For several months now Woodford has reiterated a similar theme – this is an excellent opportunity for equity investments. The amount at which the shares of some companies are valued means they are relatively cheap but have growth potential in the current climate.
The valuations applied to individual companies have become irrelevant in the market, in Woodford’s view, in what has been a momentum-driven equity market.
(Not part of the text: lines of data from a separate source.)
(* For $n\in\mathbb{N}$ let $a_n,b_n,c_n,d_n$ be real random variables with $c_n\ge0$, $d_n\ge0$ a.s., and let $(k_n)$ be a deterministic integer sequence with $k_n\to\infty$. Define $X_n=e^{ia_n-c_n}$, $x_n=\mathbb{E}[X_n]$, $Y_n=e^{ib_n-d_n}$, $y_n=\mathbb{E}[Y_n]$, $z_n=\mathbb{E}[X_nY_n]$. If $x_n-1=O(1/k_n)$, $y_n-1=o(1/k_n)$ and $z_n-1=O(1/k_n)$ as $n\to\infty$, then $z_n^{k_n}-x_n^{k_n}=o(1)$. *)

From HB Require Import structures.
From mathcomp Require Import all_boot all_order all_algebra.
From mathcomp Require Import all_classical all_reals all_analysis.
From mathcomp Require Import complex.
Set Implicit Arguments. Unset Strict Implicit. Unset Printing Implicit Defensive.
Import Order.TTheory GRing.Theory Num.Theory ComplexField.
Local Open Scope classical_set_scope.
Local Open Scope complex_scope.
Local Open Scope ring_scope.

(* Expectation of a complex-valued random variable:
   E[X] = E[Re X] + i E[Im X] (both parts bounded in our use, hence finite). *)
Definition cexpect d (T : measurableType d) (R : realType)
  (P : probability T R) (X : T -> R[i]) : R[i] :=
  Complex (fine ('E_P[fun w => complex.Re (X w)])%E)  
  (fine ('E_P[fun w => complex.Im (X w)])%E).

(* e^{i a - c} for real a, c, written out: e^{-c} (cos a + i sin a). *)
Definition cexpi (R : realType) (a c : R) : R[i] :=
  Complex (expR (- c) * cos a)  (expR (- c) * sin a).

Definition bigO_seq (R : realType) (u : nat -> R[i]) (v : nat -> R) : Prop :=
  exists C : R, \forall n \near \oo, `|u n| <= C%:C * `|(v n)%:C|.

Definition littleo_seq (R : realType) (u : nat -> R[i]) (v : nat -> R) : Prop :=
  forall eps : R, 0 < eps -> \forall n \near \oo, `|u n| <= eps%:C * `|(v n)%:C|.

From HB Require Import structures.
From mathcomp Require Import all_boot all_order all_algebra.
From mathcomp Require Import all_classical all_reals all_analysis.
From mathcomp Require Import complex.
From mathcomp Require Import ring lra.
Set Implicit Arguments. Unset Strict Implicit. Unset Printing Implicit Defensive.
Import Order.TTheory GRing.Theory Num.Theory ComplexField Normc.
Local Open Scope classical_set_scope.
Local Open Scope ring_scope.
Local Open Scope complex_scope.

(* Write X = 1 + u and Y = 1 + v. As |X|, |Y| <= 1, both u and v lie in the unit disc centred
   at -1, where |u|^2 <= -2 Re u; hence by AM-GM |u v| <= δ (-Re u) + δ^-1 (-Re v) for every
   δ > 0. Since z - x - (y - 1) = E[u v] and |E f| <= E|f|, taking expectations gives
     |z - x| <= (1 + δ^-1) |y - 1| + δ |x - 1|.
   Finally |x|, |z| <= 1, so |z^k - x^k| <= k |z - x|, which is eventually at most
   (1 + δ^-1) o(1) + δ C; as δ is arbitrary, z^k - x^k = o(1). *)

(* Unqualified [Re] and [Im] would denote the real and imaginary parts of a
   numClosedFieldType. *)
Local Notation Re := complex.Re.
Local Notation Im := complex.Im.

Section ComplexModulus.
Variable R : realType.
Implicit Types (x y : R[i]) (a c : R).

Lemma norm_normc x : `|x| = (normc x)%:C.
Proof. by case: x => ? ?; rewrite normc_def. Qed.

Lemma normc_ge0 x : 0 <= normc x.
Proof. by case: x => ? ?; exact: sqrtr_ge0. Qed.

Lemma normc_sqr x : normc x ^+ 2 = Re x ^+ 2 + Im x ^+ 2.
Proof. by case: x => a b; rewrite /= sqr_sqrtr ?addr_ge0 ?sqr_ge0. Qed.

Lemma normc_real a : normc a%:C = `|a|.
Proof. by rewrite /= expr0n addr0 sqrtr_sqr. Qed.

Lemma ReD x y : Re (x + y) = Re x + Re y. Proof. by case: x; case: y. Qed.
Lemma ImD x y : Im (x + y) = Im x + Im y. Proof. by case: x; case: y. Qed.
Lemma ReN x : Re (- x) = - Re x. Proof. by case: x. Qed.
Lemma ImN x : Im (- x) = - Im x. Proof. by case: x. Qed.
Lemma ReM x y : Re (x * y) = Re x * Re y - Im x * Im y. Proof. by case: x; case: y. Qed.
Lemma ImM x y : Im (x * y) = Re x * Im y + Im x * Re y. Proof. by case: x; case: y. Qed.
However, ‘valuation is like gravity...it has a habit of reasserting itself.’
“In March 2008 the world changed...the valuations people had been allocating to stocks became untenable.”
For that reason he believes the current business cycle is not a normal period of recovery, citing investors’ faith in uninterrupted economic growth in China as a driver for the momentum in stock markets.
For Woodford the conditions in the domestic market are challenging as economic growth is weak, opting for companies with exposure to overseas markets, while he also believes emerging markets currently grappling with inflation, including China, could see problems.
Coming back to valuations
The Income Fund, managed by Woodford, was in the top quarter of funds in its sector over the last three months and he said recently that he detected a positive change in attitudes towards some of the companies he holds, such as pharmaceutical firms.
At the moment 50 per cent of the fund’s holdings are concentrated in just ten companies, including large pharmaceutical companies like AstraZeneca, tobacco firms such as Reynolds American and the oil and gas company BG Group.
This reflects the fact that Woodford sees the share price of many companies as undervalued and has viewed the current period as a buying opportunity for those shares.
Some controversy surrounded a stake Woodford made in a vehicle which will enter joint ventures or make investments in Zimbabwe.
Woodford said the investment was not attached to the political regime in the country, while Zimbabwe had high literacy rates providing potential for growth from human resources, as well as from the country’s natural resources.
His funds have also invested in other areas like litigation finance (taking relatively small stakes in the context of the funds Woodford’s team manage) in companies listed on the UK Alternative Investment Market (AIM) which provide finance for legal cases.
Is the fund too big?
The Income Fund is approximately £8.3billion in size. As such a large fund, is it unwieldy and does it create constraints?
No, is Woodford’s view. “The portfolio reflects where I see opportunities in the market and I have the flexibility to go where I see the opportunities,” Woodford says.
So, while his funds currently have a relatively small group of holdings, in the past funds have held over 130 stocks.
The flexibility to invest in the domestic market, in large FTSE 100 companies, smaller companies listed on the AIM index or unlisted securities, as well as globally – the Income Fund currently has holdings in Switzerland and the US – means the current size of the fund does not restrict its investment universe.